Neil Gaiman discusses securing women writers for Doctor WhoBookmark and Share

Thursday, 23 October 2014 - Reported by Nathan Brown
Doctor Who writer Neil Gaiman has indicated that recruiting women writers is “a priority” for people working on the show.

The Who script editors and producers he has worked with on a direct basis - most of them women - have been giving much attention to bringing onboard female writers, he said.

Posting on Tumblr in response to a question from site user lenyberry, Gaiman also added:
They’ve reached out to a lot of women writers — I know that Steven Moffat has personally been in touch with a lot of female writers and been defeated over and over by scheduling problems, and people saying no […]. It’s a priority for them too.
As well as suggesting that Moffat has found these set-backs frustrating, Gaiman said that Who certainly needs "some women writing for it."

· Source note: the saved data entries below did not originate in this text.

(* Assume (A0)–(A3) and let $\{(x^k,\lambda^k)\}$ be generated by the NEPJ-ADMM. Then for every $k\ge1$, $$\hat{\mathcal{L}}_k-\hat{\mathcal{L}}_{k-1}\le\sum_{i=1}^{p-1}\Big(\frac{(p-2+\alpha)\beta\|A_i\|^2}{2}-\frac{m_i}{4}\Big)\|\Delta x_i^k\|^2+\Theta_\lambda^k+\Theta_p^k,$$ where $\Theta_\lambda^k:=\frac{1}{\beta\theta}\|\Delta\lambda^k\|^2+\frac{c_1}{2}\big(\|A_p^*\Delta\lambda^k\|^2-\|A_p^*\Delta\lambda^{k-1}\|^2\big)$ and $\Theta_p^k:=\Big(\frac{(p-1)\beta\|A_p\|^2}{2\alpha}-\frac{m_p}{4}\Big)\big(\|\Delta x_p^k\|^2+\|\Delta x_p^{k-1}\|^2\big)$.
   Context: Problem: let $p\ge2$, $f_i:\mathbb{R}^{n_i}\to(-\infty,\infty]$ ($i=1,\dots,p$), $A_i\in\mathbb{R}^{d\times n_i}$, $b\in\mathbb{R}^d$, and consider $\min\{\sum_{i=1}^pf_i(x_i):\sum_{i=1}^pA_ix_i=b\}$. For $\beta>0$ the augmented Lagrangian is $\mathcal{L}_\beta(x_1,\dots,x_p,\lambda)=\sum_{i=1}^pf_i(x_i)-\langle\lambda,\sum_{i=1}^pA_ix_i-b\rangle+\frac\beta2\|\sum_{i=1}^pA_ix_i-b\|^2$. Standing assumptions: (A0) $f_1,\dots,f_{p-1}$ are proper lower semicontinuous; (A1) $A_p\ne0$ and $\mathrm{Im}(A_p)\supseteq\{b\}\cup\mathrm{Im}(A_1)\cup\dots\cup\mathrm{Im}(A_{p-1})$; (A2) $f_p:\mathbb{R}^{n_p}\to\mathbb{R}$ is differentiable with $L_p$-Lipschitz gradient; (A3) there is $\bar\beta\ge0$ with $v(\bar\beta)>-\infty$, where $v(\beta):=\inf_{x}\{\sum_{i=1}^pf_i(x_i)+\frac\beta2\|\sum_{i=1}^pA_ix_i-b\|^2\}$. $A^*$ is the transpose; $\sigma^+_{A_p}$ is the smallest positive eigenvalue of $A_p^*A_p$. Distance generating functions: for $Z\subseteq\mathbb{R}^s$ and $0<m\le M$, $\mathcal{D}_Z(m,M)$ is the class of real-valued functions $w$ differentiable on $Z$ with $w(z')-w(z)-\langle\nabla w(z),z'-z\rangle\ge\frac m2\|z'-z\|^2$ and $\|\nabla w(z)-\nabla w(z')\|\le M\|z-z'\|$ for all $z,z'\in Z$; its Bregman distance is $(dw)_z(z'):=w(z')-w(z)-\langle\nabla w(z),z'-z\rangle$ for $z\in Z$, $z'\in\mathbb{R}^s$. NEPJ-ADMM: let $Z_i=\mathrm{dom} f_i$, $\gamma_\theta:=\theta/(1-|\theta-1|)^2$. Pick $(x_1^0,\dots,x_p^0,\lambda^0)\in Z_1\times\dots\times Z_p\times\mathbb{R}^d$, $\alpha>0$, $\beta\ge\bar\beta$ with $\beta>0$, $M_i\ge m_i>0$, $\theta\in(0,2)$ such that $\delta_i:=\frac{m_i}{4}-\big(\frac{p-2+\alpha}{2}+\frac{2\gamma_\theta(p+1)}{\sigma^+_{A_p}}\|A_p^*\|^2\big)\beta\max_{1\le l\le p-1}\|A_l\|^2>0$ for $i=1,\dots,p-1$ and $\delta_p:=\frac{m_p}{4}-\big(\frac{\beta(p-1)\|A_p\|^2}{2\alpha}+\frac{\gamma_\theta(p+1)(L_p^2+2M_p^2)}{\beta\sigma^+_{A_p}}\big)>0$. For $k\ge1$: for each $i$ choose $w_i^k\in\mathcal{D}_{Z_i}(m_i,M_i)$ and let $x_i^k$ be an optimal solution (assumed to exist) of $\min_{x_i}\{\mathcal{L}_\beta(x^{k-1}_{<i},x_i,x^{k-1}_{>i},\lambda^{k-1})+(dw_i^k)_{x_i^{k-1}}(x_i)\}$, where $(x_{<i},x_i,x_{>i})$ denotes $(x_1,\dots,x_p)$ with the $i$-th block singled out; then set $\lambda^k=\lambda^{k-1}-\theta\beta(\sum_{i=1}^pA_ix_i^k-b)$. Write $x^k=(x_1^k,\dots,x_p^k)$. Notation: $\Delta x_i^k:=x_i^k-x_i^{k-1}$, $\Delta\lambda^k:=\lambda^k-\lambda^{k-1}$ for $k\ge1$; $R_p^0:=A_p^*\lambda^0-\nabla f_p(x_p^0)$; conventions $\Delta\lambda^0:=0$, $\Delta x_i^0:=0$ for $i=1,\dots,p-1$, $\Delta x_p^0:=R_p^0/M_p$. Let $c_1:=\frac{2|\theta-1|}{\beta\theta(1-|\theta-1|)\sigma^+_{A_p}}$, $\eta_0:=\frac{m_p}{4M_p^2}\|A_p^*\lambda^0-\nabla f_p(x_p^0)\|^2$, $\eta_k:=\sum_{i=1}^p\frac{m_i}{4}\|\Delta x_i^k\|^2+\frac{c_1}{2}\|A_p^*\Delta\lambda^k\|^2$ for $k\ge1$, and $\hat{\mathcal{L}}_k:=\mathcal{L}_\beta(x^k,\lambda^k)+\eta_k$ for $k\ge0$. *)

From Stdlib Require Import Reals Lra Lia.
Open Scope R_scope.

(* A vector of R^n is represented by a function nat -> R of which only the
   coordinates 0..n-1 are meaningful; all notions below only read those. *)
Definition vec := nat -> R.
(* A d x n matrix: entry (r, c) with r < d, c < n. *)
Definition mat := nat -> nat -> R.

Fixpoint sumR (n : nat) (f : nat -> R) : R :=
  match n with O => 0 | S m => sumR m f + f m end.

(* sum_{i=1}^{k} g i (block sums, blocks indexed 1..p) *)
Fixpoint sum1 (k : nat) (g : nat -> R) : R :=
  match k with O => 0 | S k' => sum1 k' g + g (S k') end.

(* max_{1<=l<=k} g l (for k >= 1 and g >= 0; base value 0) *)
Fixpoint max1 (k : nat) (g : nat -> R) : R :=
  match k with O => 0 | S k' => Rmax (max1 k' g) (g (S k')) end.

Definition inner (n : nat) (u v : vec) : R := sumR n (fun j => u j * v j).
Definition norm (n : nat) (u : vec) : R := sqrt (inner n u u).
Definition vadd (u v : vec) : vec := fun j => u j + v j.
Definition vsub (u v : vec) : vec := fun j => u j - v j.
Definition vscal (a : R) (u : vec) : vec := fun j => a * u j.
Definition vzero : vec := fun _ => 0.
Definition veq (n : nat) (u v : vec) : Prop := forall j, (j < n)%nat -> u j = v j.

Definition mapply (n : nat) (A : mat) (x : vec) : vec :=
  fun r => sumR n (fun c => A r c * x c).
Definition transpose (A : mat) : mat := fun c r => A r c.
Definition mtapply (d : nat) (A : mat) (y : vec) : vec := mapply d (transpose A) y.
Definition mtm (d : nat) (A : mat) : mat := fun c c' => sumR d (fun r => A r c * A r c').

Definition is_opnorm (m n : nat) (A : mat) (a : R) : Prop :=
  is_lub (fun r => exists x, norm n x <= 1 /\ r = norm m (mapply n A x)) a.

Definition is_min_pos_eig (n : nat) (S : mat) (s : R) : Prop :=
  0 < s /\
  (exists v, ~ veq n v vzero /\ veq n (mapply n S v) (vscal s v)) /\
  (forall mu v, 0 < mu -> ~ veq n v vzero -> veq n (mapply n S v) (vscal mu v) -> s <= mu).

Inductive ERbar : Type := Fin (r : R) | PInf.

Definition ERadd (a b : ERbar) : ERbar :=
  match a, b with Fin x, Fin y => Fin (x + y) | _, _ => PInf end.
Definition ERle (a b : ERbar) : Prop :=
  match a, b with
  | Fin x, Fin y => x <= y
  | _, PInf => True
  | PInf, Fin _ => False
  end.
Definition ERlt (a b : ERbar) : Prop :=
  match a, b with
  | Fin x, Fin y => x < y
  | Fin _, PInf => True
  | PInf, _ => False
  end.

Fixpoint ERsum1 (k : nat) (g : nat -> ERbar) : ERbar :=
  match k with O => Fin 0 | S k' => ERadd (ERsum1 k' g) (g (S k')) end.

(* f : R^n -> (-oo,+oo] is a genuine function of the first n coordinates *)
Definition respects (n : nat) {T : Type} (f : vec -> T) : Prop :=
  forall u v, veq n u v -> f u = f v.

Definition proper_fun (f : vec -> ERbar) : Prop := exists x, f x <> PInf.

Definition lsc (n : nat) (f : vec -> ERbar) : Prop :=
  forall x c, ERlt (Fin c) (f x) ->
    exists delta, 0 < delta /\
      forall y, norm n (vsub y x) < delta -> ERlt (Fin c) (f y).

Definition has_gradient (n : nat) (f : vec -> R) (g : vec) (x : vec) : Prop :=
  forall eps, 0 < eps -> exists delta, 0 < delta /\
    forall h, norm n h < delta ->
      Rabs (f (vadd x h) - f x - inner n g h) <= eps * norm n h.

Definition bregman (n : nat) (w : vec -> R) (gw : vec -> vec) (z z' : vec) : R :=
  w z' - w z - inner n (gw z) (vsub z' z).

Definition in_D (n : nat) (Z : vec -> Prop) (m M : R) (w : vec -> R) (gw : vec -> vec) : Prop :=
  (forall z, Z z -> has_gradient n w (gw z) z) /\
  (forall z z', Z z -> Z z' -> bregman n w gw z z' >= m / 2 * (norm n (vsub z' z)) ^ 2) /\
  (forall z z', Z z -> Z z' -> norm n (vsub (gw z) (gw z')) <= M * norm n (vsub z z')).

Definition resid (p : nat) (n : nat -> nat) (A : nat -> mat) (b : vec) (x : nat -> vec) : vec :=
  fun r => sum1 p (fun i => mapply (n i) (A i) (x i) r) - b r.

Definition augL (d p : nat) (n : nat -> nat) (f : nat -> vec -> ERbar) (A : nat -> mat)
  (b : vec) (beta : R) (x : nat -> vec) (lam : vec) : ERbar :=
  let r := resid p n A b x in
  ERadd (ERsum1 p (fun i => f i (x i)))
        (Fin (- inner d lam r + beta / 2 * (norm d r) ^ 2)).

Definition upd (x : nat -> vec) (i : nat) (u : vec) : nat -> vec :=
  fun j => if Nat.eqb j i then u else x j.

From Stdlib Require Import Reals Lra Lia Psatz FunctionalExtensionality.
Open Scope R_scope.

(* Each block x_i^k minimises the augmented Lagrangian plus an m_i-strongly convex Bregman term,
   so comparing it with x_i^{k-1} shows that the block gains m_i/2 ||Δx_i^k||^2 against the change
   of the quadratic coupling term it causes on its own.  Since the blocks move simultaneously, the
   coupling changes do not simply add up: the defect is
   β/2 (||Σ A_iΔx_i||^2 - Σ ||A_iΔx_i||^2), which Cauchy-Schwarz, Young's inequality with weight
   α on the last block and the operator norms bound by the first and last terms of the estimate.
   The multiplier step contributes ||Δλ^k||^2/(βθ).  Finally half of each gain is paid into η_k,
   and η_{k-1} absorbs the last-block and dual terms it carries from the previous step. *)

Lemma sumR_ext n f g : (forall j, (j < n)%nat -> f j = g j) -> sumR n f = sumR n g.
Proof.
  induction n as [|n IH]; intros Hfg; simpl; [reflexivity|].
  rewrite IH by (intros; apply Hfg; lia). rewrite Hfg by lia. reflexivity.
Qed.

Lemma sumR_add n f g : sumR n (fun j => f j + g j) = sumR n f + sumR n g.
Proof. induction n as [|n IH]; simpl; [ring|]. rewrite IH. ring. Qed.

Lemma sumR_sub n f g : sumR n (fun j => f j - g j) = sumR n f - sumR n g.
Proof. induction n as [|n IH]; simpl; [ring|]. rewrite IH. ring. Qed.

Lemma sumR_scal n a f : sumR n (fun j => a * f j) = a * sumR n f.
Proof. induction n as [|n IH]; simpl; [ring|]. rewrite IH. ring. Qed.

Lemma sumR_ge0 n f : (forall j, (j < n)%nat -> 0 <= f j) -> 0 <= sumR n f.
Proof.
  induction n as [|n IH]; intros Hf; simpl; [lra|].
  assert (0 <= sumR n f) by (apply IH; intros; apply Hf; lia).
  assert (0 <= f n) by (apply Hf; lia). lra.
Qed.

Lemma sumR_eq0 n f : (forall j, (j < n)%nat -> f j = 0) -> sumR n f = 0.
Proof.
  induction n as [|n IH]; intros Hf; simpl; [reflexivity|].
  rewrite IH, Hf by (intros; try apply Hf; lia). ring.
Qed.

Lemma sum1_ext q g h : (forall j, (1 <= j <= q)%nat -> g j = h j) -> sum1 q g = sum1 q h.
Proof.
  induction q as [|q IH]; intros Hgh; simpl; [reflexivity|].
  rewrite IH by (intros; apply Hgh; lia). rewrite Hgh by lia. reflexivity.
Qed.

Lemma sum1_add q g h : sum1 q (fun j => g j + h j) = sum1 q g + sum1 q h.
Proof. induction q as [|q IH]; simpl; [ring|]. rewrite IH. ring. Qed.

Lemma sum1_sub q g h : sum1 q (fun j => g j - h j) = sum1 q g - sum1 q h.
Proof. induction q as [|q IH]; simpl; [ring|]. rewrite IH. ring. Qed.

Lemma sum1_scal q a g : sum1 q (fun j => a * g j) = a * sum1 q g.
Proof. induction q as [|q IH]; simpl; [ring|]. rewrite IH. ring. Qed.

Lemma sum1_le q g h : (forall j, (1 <= j <= q)%nat -> g j <= h j) -> sum1 q g <= sum1 q h.
Proof.
  induction q as [|q IH]; intros Hgh; simpl; [lra|].
  assert (sum1 q g <= sum1 q h) by (apply IH; intros; apply Hgh; lia).
  assert (g (S q) <= h (S q)) by (apply Hgh; lia). lra.
Qed.

Lemma sum1_const0 q : sum1 q (fun _ => 0) = 0.
Proof. induction q as [|q IH]; simpl; [reflexivity|]. rewrite IH. ring. Qed.

Lemma sum1_ge0 q g : (forall j, (1 <= j <= q)%nat -> 0 <= g j) -> 0 <= sum1 q g.
Proof. intros Hg. rewrite <- (sum1_const0 q). apply sum1_le. exact Hg. Qed.

Lemma sum1_le0 q g : (forall j, (1 <= j <= q)%nat -> g j <= 0) -> sum1 q g <= 0.
Proof. intros Hg. rewrite <- (sum1_const0 q). apply sum1_le. exact Hg. Qed.

Lemma sum1_last q g : (1 <= q)%nat -> sum1 q g = sum1 (q - 1) g + g q.
Proof. intros Hq. destruct q as [|q]; [lia|]. simpl. rewrite Nat.sub_0_r. reflexivity. Qed.

Lemma sum1_last_le q g : (1 <= q)%nat -> (forall j, (1 <= j <= q - 1)%nat -> 0 <= g j) ->
  g q <= sum1 q g.
Proof.
  intros Hq Hg. rewrite sum1_last by exact Hq.
  assert (0 <= sum1 (q - 1) g) by (apply sum1_ge0; exact Hg). lra.
Qed.

Lemma sum1_update q i g g' : (1 <= i <= q)%nat -> (forall j, j <> i -> g' j = g j) ->
  sum1 q g' = sum1 q g - g i + g' i.
Proof.
  induction q as [|q IH]; intros Hi Hg'; [lia|]. simpl.
  destruct (Nat.eq_dec i (S q)) as [->|Hne].
  - rewrite (sum1_ext q g' g) by (intros; apply Hg'; lia). ring.
  - rewrite IH, (Hg' (S q)) by (auto; lia). ring.
Qed.

Lemma inner_sym n u v : inner n u v = inner n v u.
Proof. apply sumR_ext. intros. ring. Qed.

Both lenyberry’s query and Gaiman’s answer make reference to another question the writer tackled on Tumblr this month.

When guyplayfair asked which Who writer Gaiman would hug, the author quipped that he wanted to hug every woman that has written for the series this side of 2008 - a number that, as he noted, is zero (at least as far as TV episodes are concerned).

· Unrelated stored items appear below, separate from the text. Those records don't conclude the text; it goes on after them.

(* Let $K$ be the set of separable states of $\mathcal{B}(\mathbb{C}^2\otimes\mathbb{C}^2)$. Then the pure states $|01\rangle\langle01|$ and $|10\rangle\langle10|$ are not superposable in $K$.
   Context: States of $\mathcal{B}(\mathbb{C}^2\otimes\mathbb{C}^2)$ are identified with density operators on $\mathbb{C}^2\otimes\mathbb{C}^2$; a pure product state is $E\otimes F$ with $E,F$ rank-one projections on $\mathbb{C}^2$, and $K$ is the set of convex combinations of pure product states. $\{|0\rangle,|1\rangle\}$ is the standard orthonormal basis of $\mathbb{C}^2$ and $|ab\rangle=|a\rangle\otimes|b\rangle$. For a convex set $K$, $A(K)$ is the set of affine functions $K\to\mathbb{R}$, and for extreme points $x,y$ the affine ratio is $\langle x,y\rangle_K=\inf\{f(y): f\in A(K),\ \mathrm{range}(f)\subseteq[0,1],\ f(x)=1\}$. Extreme points $x,y$ are orthogonal if $\langle x,y\rangle_K=0$; orthogonal extreme points $x,y$ are superposable in $K$ if there is an extreme point $z$ of $K$ with $\langle x,z\rangle_K=\tfrac12=\langle y,z\rangle_K$. *)

From HB Require Import structures.
From mathcomp Require Import all_boot all_order all_algebra.
From mathcomp Require Import complex mxtens.
From mathcomp Require Import classical_sets reals.

Set Implicit Arguments.
Unset Strict Implicit.
Unset Printing Implicit Defensive.
Import Order.TTheory GRing.Theory Num.Theory.
Local Open Scope ring_scope.

Section Separable.
Variable R : realType.

Local Notation C := (complex R).

(* operators on C^2 and on C^2 (x) C^2 = C^(2*2); the tensor product is
   mxtens.tensmx, whose index (a,b) |-> 2a+b, so |ab> is basis vector 2a+b *)
Notation op2 := 'M[C]_2.
Notation op4 := 'M[C]_(2 * 2).

Definition rc (t : R) : C := real_complex R t.

Definition adjoint n (A : 'M[C]_n) : 'M[C]_n := (map_mx Num.conj A)^T.

Definition rank_one_proj (E : op2) : Prop :=
  E *m E = E /\ adjoint E = E /\ \rank E = 1%N.

Definition pure_product_state (A : op4) : Prop :=
  exists E F : op2, rank_one_proj E /\ rank_one_proj F /\ A = tensmx E F.

Definition Ksep (A : op4) : Prop :=
  exists (n : nat) (lam : 'I_n -> R) (P : 'I_n -> op4),
    (forall i, 0 <= lam i) /\ \sum_(i < n) lam i = 1 /\
    (forall i, pure_product_state (P i)) /\
    A = \sum_(i < n) rc (lam i) *: P i.

Definition cconv (t : R) (a b : op4) : op4 := rc t *: a + rc (1 - t) *: b.

Definition affine_on_K (f : op4 -> R) : Prop :=
  forall a b t, Ksep a -> Ksep b -> 0 <= t <= 1 ->
    f (cconv t a b) = t * f a + (1 - t) * f b.

Definition K_extreme (x : op4) : Prop :=
  Ksep x /\ forall a b t, Ksep a -> Ksep b -> 0 < t < 1 ->
    x = cconv t a b -> a = x /\ b = x.

Definition affine_ratio (x y : op4) : R :=
  inf [set r : R | exists f : op4 -> R,
        affine_on_K f /\ (forall k, Ksep k -> 0 <= f k <= 1) /\
        f x = 1 /\ r = f y].

Definition K_orthogonal (x y : op4) : Prop :=
  K_extreme x /\ K_extreme y /\ affine_ratio x y = 0.

Definition K_superposable (x y : op4) : Prop :=
  K_orthogonal x y /\
  exists z, K_extreme z /\ affine_ratio x z = 2^-1 /\ affine_ratio y z = 2^-1.

Definition ketbra (a : 'I_2) : op2 := delta_mx a a.
Definition ketbra2 (a b : 'I_2) : op4 := tensmx (ketbra a) (ketbra b).

End Separable.

From HB Require Import structures.
From mathcomp Require Import all_boot all_order all_algebra.
From mathcomp Require Import complex mxtens.
From mathcomp Require Import classical_sets reals.
From mathcomp Require Import ring lra.
Set Implicit Arguments.
Unset Strict Implicit.
Unset Printing Implicit Defensive.

Import Order.TTheory GRing.Theory Num.Theory.
Local Open Scope ring_scope.

(* The diagonal entry [weight i j] of a state at |ij> is affine on K with
   values in [0, 1], and on K it equals 1 only at |ij><ij|.  Hence |ij><ij| is
   an extreme point of K and <x, y>_K <= weight i j y whenever
   weight i j x = 1; in particular <|01>, |10>>_K = 0.  An extreme point z of
   K is a pure product state E (x) F, so with a = E_00 and c = F_00 the ratios
   of z with |01> and |10> are at most a (1 - c) and (1 - a) c, whose product
   is at most 1/16: they cannot both be 1/2. *)

Lemma ord2P (i : 'I_2) : i = 0 \/ i = 1.
Proof. by case: i => [[|[|//]]] ?; [left|right]; apply: val_inj. Qed.

Lemma eq_mx2 (F : Type) (A B : 'M[F]_2) :
  [/\ A 0 0 = B 0 0, A 0 1 = B 0 1, A 1 0 = B 1 0 & A 1 1 = B 1 1] -> A = B.
Proof.
case=> e00 e01 e10 e11; apply/matrixP => i j.
by case: (ord2P i) => ->; case: (ord2P j) => ->.
Qed.

Lemma mulmx2E (F : pzSemiRingType) (A B : 'M[F]_2) i j :
  (A *m B) i j = A i 0 * B 0 j + A i 1 * B 1 j.
Proof.
by rewrite mxE big_ord_recl big_ord1 (_ : lift ord0 ord0 = 1) //; apply: val_inj.
Qed.

Lemma idempotent_mx2_trace (F : idomainType) (E : 'M[F]_2) :
  E *m E = E -> E != 0 -> E != 1%:M -> E 0 0 + E 1 1 = 1.
Proof.
move=> idE nz0 nz1; apply/eqP/negPn/negP => tr1.
have m i j : E i j = E i 0 * E 0 j + E i 1 * E 1 j by rewrite -{1}idE mulmx2E.
have t0 : 1 - (E 0 0 + E 1 1) != 0 by rewrite subr_eq0 eq_sym.
have e01 : E 0 1 = 0.
  have : E 0 1 * (1 - (E 0 0 + E 1 1)) = E 0 1 - (E 0 0 * E 0 1 + E 0 1 * E 1 1).
    by ring.
  by rewrite -m subrr => /eqP; rewrite mulf_eq0 (negPf t0) orbF => /eqP.
have e10 : E 1 0 = 0.
  have : E 1 0 * (1 - (E 0 0 + E 1 1)) = E 1 0 - (E 1 0 * E 0 0 + E 1 1 * E 1 0).
    by ring.
  by rewrite -m subrr => /eqP; rewrite mulf_eq0 (negPf t0) orbF => /eqP.
have zero_or_one (x : F) : x = x * x -> x = 0 \/ x = 1.
  move=> xx; have : x * (x - 1) = 0 by rewrite mulrBr mulr1 -xx subrr.
  by move/eqP; rewrite mulf_eq0 subr_eq0 => /orP[] /eqP; [left|right].
have := m 0 0; have := m 1 1; rewrite e01 e10 !mul0r ?mulr0 add0r addr0.
move=> /zero_or_one[] e11 /zero_or_one[] e00.
all: rewrite e00 e11 ?addr0 ?add0r ?eqxx // in tr1.
- by move: nz0; rewrite (@eq_mx2 _ E 0) ?eqxx //; split; rewrite mxE.
- by move: nz1; rewrite (@eq_mx2 _ E 1%:M) ?eqxx //; split; rewrite !mxE.
Qed.

Lemma mulr1B_le_inv4 (F : realFieldType) (x : F) : x * (1 - x) <= 4^-1.
Proof. by have := sqr_ge0 (x - 2^-1); nra. Qed.

Lemma convex_comb_bound (F : realDomainType) n (lam v : 'I_n -> F) :
  (forall k, 0 <= lam k) -> \sum_k lam k = 1 -> (forall k, 0 <= v k <= 1) ->
  0 <= \sum_k lam k * v k <= 1.
Proof.
move=> lam_ge0 lam1 v01; apply/andP; split.
  by apply: sumr_ge0 => k _; case/andP: (v01 k) => v0 _; apply: mulr_ge0.
rewrite -lam1; apply: ler_sum => k _; case/andP: (v01 k) => _ v1.
exact: ler_piMr.
Qed.

Lemma convex_comb_eq1 (F : realDomainType) n (lam v : 'I_n -> F) :
  (forall k, 0 <= lam k) -> \sum_k lam k = 1 -> (forall k, v k <= 1) ->
  \sum_k lam k * v k = 1 -> forall k, lam k = 0 \/ v k = 1.
Proof.
move=> lam_ge0 lam1 v1 sum1 k.
have : \sum_k lam k * (1 - v k) = 0.
  by under eq_bigr do rewrite mulrBr mulr1; rewrite sumrB lam1 sum1 subrr.
have terms_ge0 l : true -> 0 <= lam l * (1 - v l) by rewrite mulr_ge0 ?subr_ge0.
move/(psumr_eq0P terms_ge0)/(_ k isT)/eqP.
by rewrite mulf_eq0 subr_eq0 => /orP[] /eqP; [left|right].
Qed.

Section Separable.
Variable R : realType.
Local Notation C := (complex R).
Local Notation op2 := 'M[C]_2.
Local Notation op4 := 'M[C]_(2 * 2).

“That can’t be right... (goes off, puzzled),” he added.

The response, Gaiman said in his more recent post, “was mostly wistful” and wasn’t meant to be the attack on the programme’s makers he has seen it read as.

To contextualise his comments it’s worth noting that since 2005 only four TV Who episodes out of more than 100 have been written by a woman.

Helen Raynor penned 2007 adventure Daleks in Manhattan/ Evolution of the Daleks and followed this up in 2008 with The Sontaran Stratagem/ The Poison Sky.

Between Rose (2005) and last week’s Flatline, 23 different writers have had television episodes credited to them, meaning only around four per cent of these have not been men.

Gaiman, a well known writer across several mediums from graphic novels to long-form fiction, has authored TV Who twice, with The Doctor’s Wife (2011) and Nightmare in Silver (2013). Last year, he also released Eleventh Doctor short story Eleven O’Clock.

His most recent novel, The Ocean at the End of the Lane, was named Book of the Year at the 2013 National Book Awards in Britain.